Establish technical standards for experimentation, model evaluation, and code quality within the AI team.
Mentor senior engineers and researchers, providing guidance on deep learning, problem formulation, and research methodology.
Contribute to internal thought leadership, papers, and research initiatives aligned with strategic AI objectives.
Requirements:
5–7+ years of applied AI/ML experience with a proven record of delivering research-driven systems into production.
Deep expertise in deep learning architectures (Transformers, multimodal models, or GNNs).
Strong programming skills in Python and proficiency with frameworks such as PyTorch, JAX, or TensorFlow.
Solid understanding of MLOps principles and the constraints of deploying models at scale.
Advanced skills in ML problem formulation, experimentation, and navigating ambiguous or incomplete data.
Ability to communicate complex technical concepts effectively to both technical and non-technical stakeholders.
Experience with large-scale experimentation, A/B testing, and performance evaluation.

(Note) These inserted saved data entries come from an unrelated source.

(* Summing the expansion over x gives the triangular system for B_s. *)
Lemma count_rank_le_identity N k : (k + k <= N)%N ->
  (q.-1 * \sum_(s < k.+1) count_rank_le N s * q ^ (k - s) =
   (q ^ k.+1 - 1) * q ^ k)%N.
Proof.
move=> kN; have kkN : (k + (N - k))%N = N by lia.
have := sum_card_ker kkN.
under eq_bigr do rewrite card_ker_expansion //.
rewrite big_split /= sum1_card card_ffun card_ord -big_distrr /= exchange_big /=.
under [in X in (_ + _ * X)%N]eq_bigr do rewrite -big_distrl /= -card_set_sum.
by move/addnI.
Qed.

Lemma count_rank_le_value N s : (s + s <= N)%N ->
  count_rank_le N s = (q ^ (2 * s))%N.
Proof.
move=> sN; have q_gt1 := card_finNzRing_gt1 F.
rewrite -(prednK (ltnW q_gt1)); apply: triangular_powers.
  by rewrite -ltnS prednK // ltnW.
by move=> k ks; rewrite prednK ?(ltnW q_gt1) //; apply: count_rank_le_identity; lia.
Qed.

End Counting.

Section HankelCorollary.
Variables (F : finFieldType) (m n : nat).
Hypothesis le_mn : (m <= n)%N.
Local Notation q := #|F|.

(* At most s <= m: the rank of H_{m,n}(x) is rho_m(x) with N = m + n. *)
Lemma count_hankel_rank_le s : (s <= m)%N ->
  #|[set x : {ffun 'I_(m + n).+1 -> F} | (\rank (hankel x) <= s)%N]| =
  (q ^ (2 * s))%N.
Proof.
move=> sm; rewrite -(@count_rank_le_value F (m + n) s); last by lia.
apply: eq_card => x; rewrite !inE -(hankel_rank_profile x (m := m)) //; last by lia.
by rewrite /hankel_rank addKn.
Qed.

(* Above m the rank condition is vacuous: H_{m,n} has only m+1 rows. *)
Lemma count_hankel_rank_le_full s : (m < s)%N ->
  #|[set x : {ffun 'I_(m + n).+1 -> F} | (\rank (hankel x) <= s)%N]| =
  (q ^ (m + n).+1)%N.
Proof.
move=> ms; rewrite -[in RHS](card_ord (m + n).+1) -card_ffun; apply: eq_card => x.
by rewrite !inE (leq_trans (rank_leq_row _)).
Qed.

End HankelCorollary.

Theorem corollary2 (F : finFieldType) (r m n : nat) (hmn : (m <= n)%N) :
  let q := #|F| in
  hankel_rank_count F m n r =
    (if r == 0 then 1
     else if (r <= m)%N then q ^ (2 * r - 2) * (q ^ 2 - 1)
     else if r == m.+1 then q ^ (2 * r - 2) * (q ^ (n - m + 1) - 1)
     else 0)%N.
Proof.
rewrite /hankel_rank_count /=.
case: r => [|r] /=.
  rewrite -(expn0 #|F|) -(muln0 2) -(count_hankel_rank_le F hmn (leq0n m)).
  by apply: eq_card => x; rewrite !inE leqn0.
pose X := {ffun 'I_(m + n).+1 -> F}.
have count_eq s : #|[set x : X | \rank (hankel x) == s.+1]| =
    (#|[set x : X | (\rank (hankel x) <= s.+1)%N]| -
     #|[set x : X | (\rank (hankel x) <= s)%N]|)%N.
  by rewrite card_le_succ addKn.
rewrite count_eq !mulnBr !muln1 -!expnD.
have [le_rm | lt_mr] := leqP r.+1 m.
  by rewrite !count_hankel_rank_le ?(ltnW le_rm) //; congr (_ ^ _ - _ ^ _)%N; lia.
rewrite count_hankel_rank_le_full // eqSS.
have [-> | ne_rm] := eqVneq r m.
  by rewrite count_hankel_rank_le //; congr (_ ^ _ - _ ^ _)%N; lia.
by rewrite count_hankel_rank_le_full ?subnn //; lia.
Qed.
Lemma pad_common a b : shrink N a = shrink N b -> exists2 c, pad a c & pad b c.
Proof.
rewrite /shrink; elim: a b => [|x a IH] b /=.
  by move/esym/pad_nil_shrink=> nb; exists b => //; exact: pad_refl.
case: ifP => [xN | /negbFE xN eq_ab]; last first.
  have [c ac bc] := IH b eq_ab.
  by exists (x :: c); [exact: pad_cons | exact: pad_ins].
elim: b => [|z b IHb] //=; case: ifP => [_ [<- eq_ab] | /negbFE zN eq_ab].
  by have [c ac bc] := IH b eq_ab; exists (x :: c); exact: pad_cons.
have [c ac bc] := IHb eq_ab.
by exists (z :: c); [exact: pad_ins | exact: pad_cons].
Qed.

Lemma shrink_rcons_split s u y : y \notin N -> shrink N s = rcons u y ->
  exists s' w, [/\ s = s' ++ y :: w, shrink N s' = u & all (mem N) w].
Proof.
rewrite /shrink => yN; elim/last_ind: s => [|s z IH]; first by case: u.
rewrite filter_rcons; case: ifP => [zN | /negbFE zN].
  by move/eqP; rewrite eqseq_rcons => /andP [/eqP <- /eqP ->]; exists s, [::]; rewrite cats1.
case/IH=> s' [w [-> su wN]]; exists s', (rcons w z).
by rewrite rcons_cat all_rcons [mem N z]zN wN.
Qed.

Definition head_notin (s : seq O) : bool := if s is y :: _ then y \notin N else true.

Definition tail_pad (s t : seq O) : Prop :=
  match s, t with
  | [::], [::] => True
  | y :: r, z :: c => y = z /\ pad r c
  | _, _ => False
  end.

Lemma tail_pad_refl s : tail_pad s s.
Proof. by case: s => //= y r; split => //; exact: pad_refl. Qed.

Lemma tail_pad_trans a b c : tail_pad a b -> tail_pad b c -> tail_pad a c.
Proof.
case: a b c => [|x a] [|y b] [|z c] //= [-> ab] [-> bc].
by split => //; exact: pad_trans bc _ ab.
Qed.

Lemma head_notin_tail_pad s t : tail_pad s t -> head_notin t = head_notin s.
Proof. by case: s t => [|x r] [|y c] //= [->]. Qed.

Lemma shrink_tail_pad s t : tail_pad s t -> shrink N t = shrink N s.
Proof.
case: s t => [|x r] [|y c] //= [<- rc].
by rewrite /shrink /= -!/(shrink N _) (shrink_pad rc).
Qed.

Lemma tail_pad_common s1 s2 : head_notin s1 -> head_notin s2 ->
  shrink N s1 = shrink N s2 -> exists2 t, tail_pad s1 t & tail_pad s2 t.
Proof.
case: s1 s2 => [|x1 r1] [|x2 r2] //=; rewrite /shrink /=.
- by move=> _ _ _; exists [::].
- by move=> _ ->.
- by move=> ->.
move=> -> -> [<-]; rewrite -!/(shrink N _) => /pad_common [c r1c r2c].
by exists (x1 :: c).
Qed.

Lemma tail_pad_common_seq (A : eqType) (R : A -> seq O -> Prop) (l : seq A) s0 :
    head_notin s0 ->
    (forall a, a \in l -> exists2 s, R a s & head_notin s /\ shrink N s = shrink N s0) ->
  exists2 t, tail_pad s0 t & forall a, a \in l -> exists2 s, R a s & tail_pad s t.
Proof.
move=> s0N; elim: l => [|a l IH] reps; first by exists s0 => //; exact: tail_pad_refl.
have [t s0t lt] := IH (fun b bl => reps b (mem_behead (s := a :: l) bl)).
have [s Ras [sN ss0]] := reps a (mem_head a l).
have tN : head_notin t by rewrite (head_notin_tail_pad s0t).
have [t' tt' st'] := tail_pad_common tN sN (etrans (shrink_tail_pad s0t) (esym ss0)).
exists t'; first exact: tail_pad_trans s0t tt'.
move=> b; rewrite inE => /predU1P [-> | bl]; first by exists s.
by have [s' Rbs' s't] := lt b bl; exists s' => //; exact: tail_pad_trans s't tt'.
Qed.

Variable L : seq O -> Prop.

Lemma pump_pad s y p r c :
  pad r c -> pump L N s (y :: p ++ r) -> pump L N s (y :: p ++ c).
Proof.
move=> rc; elim: rc p => {r c} [//|a r c _ IH|b r c bN _ IH] p sp.
  by rewrite -cat_rcons; apply: IH; rewrite cat_rcons.
exact: (pump_ins (t1 := y :: p) (IH p sp) bN).
Qed.

Lemma pump_tail_pad s t : L s -> tail_pad s t -> pump L N s t.
Proof.
case: s t => [|x r] [|y c] //= Ls; first by move=> _; exact: pump_nil.
by case=> <- rc; apply: (pump_pad (p := [::]) rc); exact: pump_refl.
Qed.

Lemma shrink_pump s t : pump L N s t -> shrink N t = shrink N s.
Proof.
rewrite /shrink; elim=> {s t} [//|//|s t1 t2 b _ IH bN _].
by rewrite filter_cat /= bN -IH filter_cat.
Qed.

End Padding.

Section ReachedSets.
Variables (O : eqType) (Cout : Type) (F : device O Cout) (N : seq O).

Lemma reaches_obs (v : st F) s w : reaches v s w -> all (mem (obs F)) s.
Proof. by elim: s v => [|y s IH] v //= [u [vu uw]]; rewrite (tau_sub vu) (IH _ uw). Qed.

Definition post (y : O) (S : {set st F}) : {set st F} := [set w | [exists v in S, tau v w y]].

Definition reach_set (s : seq O) (S : {set st F}) : {set st F} :=
  foldl (fun S y => post y S) S s.

Lemma reach_setP s (S : {set st F}) w :
  w \in reach_set s S <-> exists2 v, v \in S & reaches v s w.
Proof.
elim: s S => [|y s IH] S /=; first by split=> [Sw | [v Sv <-]]; first exists w.
rewrite IH; split=> [[u] | [v Sv [u [vu uw]]]].
  by rewrite inE => /exists_inP [v Sv vu] uw; exists v => //; exists u.
by exists u => //; rewrite inE; apply/exists_inP; exists v.
Qed.

Lemma reach_set_cat s1 s2 (S : {set st F}) :
  reach_set (s1 ++ s2) S = reach_set s2 (reach_set s1 S).
Proof. exact: foldl_cat. Qed.

Lemma reach_set0 s : reach_set s set0 = set0.
Proof. by apply/setP => w; rewrite inE; apply/negP => /reach_setP [v]; rewrite inE. Qed.

Lemma inL_reach_set s : inL F s <-> reach_set s (init F) != set0.
Proof.
split=> [[w sw] | /set0Pn [w /reach_setP sw]]; last by exists w.
by apply/set0Pn; exists w; apply/reach_setP.
Qed.

Definition post_in_N : rel {set st F} := fun S T => has (fun y => T == post y S) N.

Definition N_closure (S : {set st F}) : {set {set st F}} := [set T | connect post_in_N S T].

Lemma N_closureP (S T : {set st F}) :
  T \in N_closure S <-> exists2 w, all (mem N) w & T = reach_set w S.
Proof.
rewrite inE; split=> [/connectP [p] | [w]].
  elim: p S => [|S' p IH] S /=; first by move=> _ ->; exists [::].
  case/andP=> /hasP [y yN /eqP ->] /IH {}IH /IH [w wN ->].
  by exists (y :: w); rewrite /= ?yN.
elim: w S => [|y w IH] S /=; first by move=> _ ->; exact: connect0.
case/andP=> yN wN /(IH _ wN); apply: connect_trans; apply: connect1.
by apply/hasP; exists y.
Qed.

(* The N-symbols erased by the shrink are re-inserted by [N_closure]. *)
Definition class_step (X : {set {set st F}}) (y : O) : {set {set st F}} :=
  [set T | [exists S in X, (T \in N_closure (post y S)) && (T != set0)]].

Demonstrated capacity to mentor peers and contribute to team growth.
Benefits:
Opportunity to earn equity in the company.
Medical, dental, and vision insurance.
Life insurance and AD&D coverage.
Extended maternity and paternity leave.
Access to internal learning platforms and language programs.
Mental health and wellness assistance programs.
401(k) and flexible saving plans (HSA/FSA).
Work-from-home allowance and relocation assistance, if applicable.
Exposure to cutting-edge AI technologies and impactful projects at scale.